Wednesday, January 3, 2018

Joe Olnick Band - Downtown (2017)

Written by Daniel Boyer, posted by blog admin

With an ear for ace improvisation and tendencies that go far beyond the borders of textbook instrumental rock the Joe Olnick Band are firing on all cylinders on Downtown.  Part of a vast, lengthy discography and album number 6 in said sequence; Downtown is airtight in its composition, playing, arrangement and production (Olnick himself mixed and produced).  Featuring a mastering job by Grammy award-winner Reuben Cohen who has done work for Foo Fighters and Ryan Adams this record has an immaculate major label sheen that doesn’t sand away the rough edges.  Instead melodies are pushed to the forefront because of the superb sound quality and the record’s harder grooves are highlighted as well. 

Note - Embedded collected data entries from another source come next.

(* Let $d>1$ and let $S$ be a collection of at most $d$ simplices over $[n]$, each of dimension at most $d$. Then all $d$-faces and all $(d-1)$-faces of $K(S)$ can be eliminated by a sequence of elementary $(d-1)$- and $(d-2)$-collapses (starting from $K(S)$).
   Context: A $d$-simplex is a subset of $[n]$ of size $d+1$; a simplicial complex is a family of simplices closed under taking subsets. For a set $S$ of simplices, $K(S)$ is the complex of all subsets of members of $S$. In a simplicial complex $K$, an $i$-face $\zeta$ is exposed if it is contained in exactly one $(i+1)$-face $\tau$ of $K$ (such $\tau$ is then necessarily a maximal face). An elementary $i$-collapse is the removal of such a pair $\zeta,\tau$ from $K$; the result is again a simplicial complex. *)

(* Vertices are 'I_n (= [n]); simplices are finite sets of
   vertices; a complex is a set of simplices. An i-face has i+1 vertices. *)
From mathcomp Require Import all_boot.
Set Implicit Arguments. Unset Strict Implicit. Unset Printing Implicit Defensive.

Definition Kc (n : nat) (S : {set {set 'I_n}}) : {set {set 'I_n}} :=
  [set z : {set 'I_n} | [exists s in S, z \subset s]].

Definition exposed_by (n i : nat) (K : {set {set 'I_n}}) (zeta tau : {set 'I_n}) : Prop :=
  [/\ zeta \in K /\ #|zeta| = i.+1, tau \in K /\ #|tau| = i.+2, zeta \subset tau &
      (forall t, t \in K -> #|t| = i.+2 -> zeta \subset t -> t = tau)].

Definition elem_collapse (n i : nat) (K K' : {set {set 'I_n}}) : Prop :=
  exists zeta tau, exposed_by i K zeta tau /\ K' = K :\: [set zeta; tau].

Inductive collapses_to (n : nat) (I : seq nat) :
    {set {set 'I_n}} -> {set {set 'I_n}} -> Prop :=
  | ct_refl K : collapses_to I K K
  | ct_step i K K1 K' : i \in I -> elem_collapse i K K1 ->
      collapses_to I K1 K' -> collapses_to I K K'.

From mathcomp Require Import all_boot zify.
From Stdlib Require Import Classical.
Set Implicit Arguments. Unset Strict Implicit. Unset Printing Implicit Defensive.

“Downtown” shines the spotlight on bassist Jamie Aston’s monster funk bombs and Jamie Smucker’s well-fortified percussive arsenal.  These cavernous, pulsating tremors are guaranteed to get your foot tapping and head shaking as the funk overtakes your every sensory receptor.  Olnick’s winding, labyrinth-like guitar lines traverse the paths paved by Frank Zappa, Jimmy Page, Jimi Hendrix and Syd Barrett.  The gristly, mid-tempo n’ melodic shuck and jive of “Philadelphia Moonlight (Part One)” slithers side winding psyche grooves and blues guitar stings into a leathery, elastic funk jive that’s musical hot lava that’s still plenty pleasing to the ears in terms of its many harmonic qualities. 

Grooving, grinding and gravelly, “Food Truck” lends an oddball, slower take on the trio’s muscular, atmospheric funk.  Smucker peppers this tune with well-measured beats as Jamie Aston’s ornery, growly bass grooves have that nasty, absolutely necessary Chris Squire or later John Entwistle grumble to them.  There’s almost a blues feel to this phat, mean tune because of its halted, creepy crawly tempos.  “Parkside” takes a walk down a weirder, noisier path that gives way to the howling, free-wheeling screech jazz of “Philadelphia Moonlight (Part Two)” that obviously borrows a page from both Miles Davis and John Coltrane’s unpredictable tactics.  Syrupy, syncopated drum and bass rhythms jams together and off-time while Olnick’s guitar unwinds like a sonic tapestry in the bleary, freak funk of “Rush Hour.”  Downtown comes to a close on a surprising note when “Sport Complex” literally comes blaring from your stereo speakers with the sole mission of incinerating everything in its path.  The song’s short, economical length of 2 minutes and change loses its mind of nerve-frying electric guitar shred with so much psychedelic distortion applied to the whirlwind atmosphere that every instrumental tone sounds warped and melted.  For an album full of crazy epics, it’s amazing that the album ends with its most succinct piece. 

There is almost no defining Downtown.  As an album it’s darn near impossible to pin down.  The musicians are talented and technical to the point that the numerous swerves and sudden time signature shifts blur the lines of reality.  Olnick is a stellar songwriting though because just when him and his band mates take a tune to the experimental limit, they always bring things back down to Earth with some gorgeous melodies and stark, attention grabbing sonic counterpoints.  Any fans of hard-hitting, rock-leaned instrumental music with a progressive, experimental backbone will completely fall in love with this group and album.